The link between sustained ketosis and MCT in breast milk is fascinating. Babies are always in keto!

Ketones: The Brain’s Preferred Fuel

Just read this whole section, really.

Both short-term PET and arterio-venous difference studies in humans show that brain glucose consumption decreases as ketone availability to the brain increases. These results suggest that ketones are actually the preferred energy substrate for the brain because they enter the brain in proportion to their plasma concentration irrespective of glucose availability; if the energy needs of the brain are being increasingly met by ketones, glucose uptake decreases accordingly.

The brain uses ketones first, and any unmet need is then given to glucose.

Under conditions of normal energy sufficiency and three meals per day, ketogenesis is supressed and glucose supplies >95% of the brain’s energy requirements; hence, glucose (or fuels derived from glucose, i.e., lactate or pyruvate) is the brain’s dominant but not actually its preferred fuel.

BINGO - This is the problem. 3 meals a day of carbohydrates is breaking our metabolism, and starving the brain (over years). Carbs drive insulin. Insulin suppresses ketones. Over time too much insulin prevents the brain from using glucose... starvation.

Hyperinsulinemia inhibits the normal ketogenic response (Bickerton et al., 2008), thereby putting the aging brain in double jeopardy of being deprived of both its primary fuels.

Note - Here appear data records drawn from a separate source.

Lemma factorial_profile_step c x : 0 < c -> (1 <= x)%nat ->
  exp (xlogx_exponent 1 (- Rabs (ln c)) (INR (S x)))
  <= c / (INR x + 1) * exp (xlogx_exponent 1 (- Rabs (ln c)) (INR x)).
Proof.
  intros Hc Hx. pose proof (le_INR 1 x Hx) as HX. simpl (INR 1) in HX.
  rewrite S_INR, exp_scaled by lra. apply exp_monotone.
  pose proof (exponent_unit_step 1 (- Rabs (ln c)) (INR x) ltac:(lra) HX).
  pose proof (Rabs_maj2 (ln c)). lra.
Qed.

Lemma prob_dist_has_positive_mass pi : prob_dist pi -> exists n, 0 < pi n.
Proof.
  intros [Hnn Hsum].
  apply not_all_not_ex. intro Hnone.
  assert (Hzero : forall n, pi n = 0 * pi n)
    by (intro n; specialize (Hnone n); specialize (Hnn n); lra).
  pose proof (is_series_unique _ _ (is_series_ext _ _ _ Hzero Hsum)) as Hsum_zero.
  rewrite Series_scal_l in Hsum_zero. lra.
Qed.

Lemma tail_ge_term pi x : prob_dist pi -> pi x <= tail pi x.
Proof.
  intros [Hnn Hsum]. unfold tail.
  assert (Hex : ex_series (fun k => pi (x + k)%nat))
    by (apply ex_series_incr_n; exists 1; exact Hsum).
  rewrite Series_incr_1, Nat.add_0_r by exact Hex.
  assert (Hrest : 0 <= Series (fun k => pi (x + S k)%nat)).
  { rewrite <- (Rmult_0_l (Series (fun k => pi (x + S k)%nat))), <- Series_scal_l.
    apply Series_le; [intro n; rewrite Rmult_0_l; split; [lra | apply Hnn] |].
    apply (ex_series_incr_1 (fun k => pi (x + k)%nat)). exact Hex. }
  lra.
Qed.

Lemma tail_le_geometric pi x M : prob_dist pi ->
  (forall k, pi (x + k)%nat <= M * (1 / 2) ^ k) -> tail pi x <= 2 * M.
Proof.
  intros [Hnn _] Hgeo. unfold tail.
  assert (Hsum : is_series (fun k => (1 / 2) ^ k) 2).
  { assert (Hq : Rabs (1 / 2) < 1) by (rewrite Rabs_pos_eq; lra).
    pose proof (is_series_geom (1 / 2) Hq) as Hgeom.
    replace (/ (1 - 1 / 2)) with 2 in Hgeom by field. exact Hgeom. }
  replace (2 * M) with (Series (fun k => M * (1 / 2) ^ k))
    by (rewrite Series_scal_l, (is_series_unique (pow (1 / 2)) 2 Hsum); ring).
  apply Series_le; [intro k; split; [apply Hnn | apply Hgeo] |].
  apply (ex_series_scal_l (V := R_NormedModule) M). exists 2. exact Hsum.
Qed.

Fixpoint prefix_sum (f : nat -> R) (n : nat) : R :=
  match n with O => 0 | S m => prefix_sum f m + f m end.

Definition window_sum (f : nat -> R) (lo hi : nat) : R :=
  prefix_sum f hi - prefix_sum f lo.

Lemma window_sum_extend_right f lo hi :
  window_sum f lo (S hi) = window_sum f lo hi + f hi.
Proof. unfold window_sum. simpl. ring. Qed.

Lemma window_sum_shift f lo hi :
  window_sum f (S lo) (S hi) = window_sum f lo hi + f hi - f lo.
Proof. unfold window_sum. simpl. ring. Qed.

Lemma window_sum_le_const f lo m M : (forall y, (lo <= y < lo + m)%nat -> f y <= M) ->
  window_sum f lo (lo + m) <= INR m * M.
Proof.
  induction m as [| m IH]; intro Hbound.
  - unfold window_sum. rewrite Nat.add_0_r. simpl. lra.
  - rewrite Nat.add_succ_r, window_sum_extend_right, S_INR.
    assert (f (lo + m)%nat <= M) by (apply Hbound; lia).
    assert (window_sum f lo (lo + m) <= INR m * M) by (apply IH; intros; apply Hbound; lia).
    lra.
Qed.

Lemma window_sum_split f lo mid hi :
  window_sum f lo hi = window_sum f lo mid + window_sum f mid hi.
Proof. unfold window_sum. ring. Qed.

Lemma window_sum_nonneg f lo hi : (forall z, 0 <= f z) -> (lo <= hi)%nat ->
  0 <= window_sum f lo hi.
Proof.
  intros Hnn Hle. induction Hle as [| hi Hle IH]; [unfold window_sum; lra |].
  rewrite window_sum_extend_right. specialize (Hnn hi). lra.
Qed.

Lemma window_sum_ge_term f lo hi y : (forall z, 0 <= f z) -> (lo <= y < hi)%nat ->
  f y <= window_sum f lo hi.
Proof.
  intros Hnn Hy.
  rewrite (window_sum_split f lo y hi), (window_sum_split f y (S y) hi).
  replace (window_sum f y (S y)) with (f y) by (unfold window_sum; simpl; ring).
  pose proof (window_sum_nonneg f lo y Hnn ltac:(lia)).
  pose proof (window_sum_nonneg f (S y) hi Hnn ltac:(lia)). lra.
Qed.

Lemma inflow_up_succ pi x g : inflow pi (S x) (1%Z, g) = g x * pi x.
Proof.
  unfold inflow. destruct Z_lt_dec; [lia |].
  replace (Z.to_nat (Z.of_nat (S x) - 1)) with x by lia. reflexivity.
Qed.

Lemma inflow_up_zero pi g : inflow pi 0 (1%Z, g) = 0.
Proof. unfold inflow. destruct Z_lt_dec; [reflexivity | lia]. Qed.

Lemma inflow_down pi x g : inflow pi x ((-1)%Z, g) = g (S x) * pi (S x).
Proof.
  unfold inflow. destruct Z_lt_dec; [lia |].
  replace (Z.to_nat (Z.of_nat x - -1)) with (S x) by lia. reflexivity.
Qed.

Lemma inflow_jump_reachable pi x j g : (j <= x)%nat ->
  inflow pi x (Z.of_nat j, g) = g (x - j)%nat * pi (x - j)%nat.
Proof.
  intro Hjx. unfold inflow. destruct Z_lt_dec; [lia |].
  replace (Z.to_nat (Z.of_nat x - Z.of_nat j)) with (x - j)%nat by lia. reflexivity.
Qed.
Lemma fine_kernel_survival x a :
  fine (K x a Et) = (surv K x a t * csurv K t x a)%R.
Proof.
have gtE := measurable_gt t.
have -> : Et = [set s | (t < s)%R] `*` [set s | (t < s)%R] by [].
rewrite indep //.
have -> : [set s | (t < s)%R] `*` [set: R] = [set y | (t < y.1)%R].
  by apply/seteqP; split => y /= => [[]|].
have -> : [set: R] `*` [set s | (t < s)%R] = [set y | (t < y.2)%R].
  by apply/seteqP; split => y /= => [[]|].
rewrite fineM // fin_num_measure //.
- exact: measurable_fst_gt.
- exact: measurable_snd_gt.
Qed.

Lemma indic_obs_time i w :
  Defs.indic (t < obs_time Ls Cs i w)%R
  = \1_[set w | Et (Ls i w, Cs i w)] w :> R.
Proof.
rewrite /Defs.indic /obs_time lt_min indicE.
case: ifPn => [/andP[tL tC]|tLC]; first by rewrite mem_set.
by rewrite memNset //= => -[tL tC]; rewrite tL tC in tLC.
Qed.

Let J := \int[px]_x (\sum_a pie x a * (surv K x a t * csurv K t x a))%:E.
Let Q := \int[px]_x (\sum_a pie x a * Shat x a t)%:E.

Let J_fin : J \is a fin_num.
Proof.
apply: integrable_fin_num => //.
exact: integrable_policy_surv_csurv.
Qed.

Let Q_fin : Q \is a fin_num.
Proof. exact/integrable_fin_num/integrable_policy_average. Qed.

Let ips_term i w :=
  (iw pie pi0 (Xs i w) (As i w) * Defs.indic (t < obs_time Ls Cs i w))%R.
Let model_term i w :=
  (iw pie pi0 (Xs i w) (As i w) * Shat (Xs i w) (As i w) t)%R.
Let direct_term i w := (\sum_b pie (Xs i w) b * Shat (Xs i w) b t)%R.

Lemma integral_ips_term i : \int[P]_w (ips_term i w)%:E = J.
Proof.
transitivity (\int[P]_w (\1_[set w | Et (Ls i w, Cs i w)] w
                        * (iw pie pi0 (Xs i w) (As i w) * 1))%:E).
  by apply: eq_integral => w _; rewrite /ips_term indic_obs_time mulr1 mulrC.
rewrite (integral_weighted_data i (k := fun _ _ => 1%R) measurable_Et) //.
apply: eq_integral => x _; congr EFin; apply: eq_bigr => a _.
by rewrite mulr1 fine_kernel_survival.
Qed.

We believe that this problem is at the root of the vicious cycle between deteriorating brain fuel uptake/availability and deteriorating brain function that leads to AD.

This is it. Hyperinsulinemia breaks the body, and stops ketosis. Everyone eating carbs constantly is racing for hyperinsulinemia. It is a slow and vicious process.

Our work shows that older people classified as cognitively normal by conventional neuropsychological tests corrected for age and education have significant brain atrophy, cortical thinning and lower brain glucose metabolism compared to cognitively normal younger adults

The decay happens far before people notice.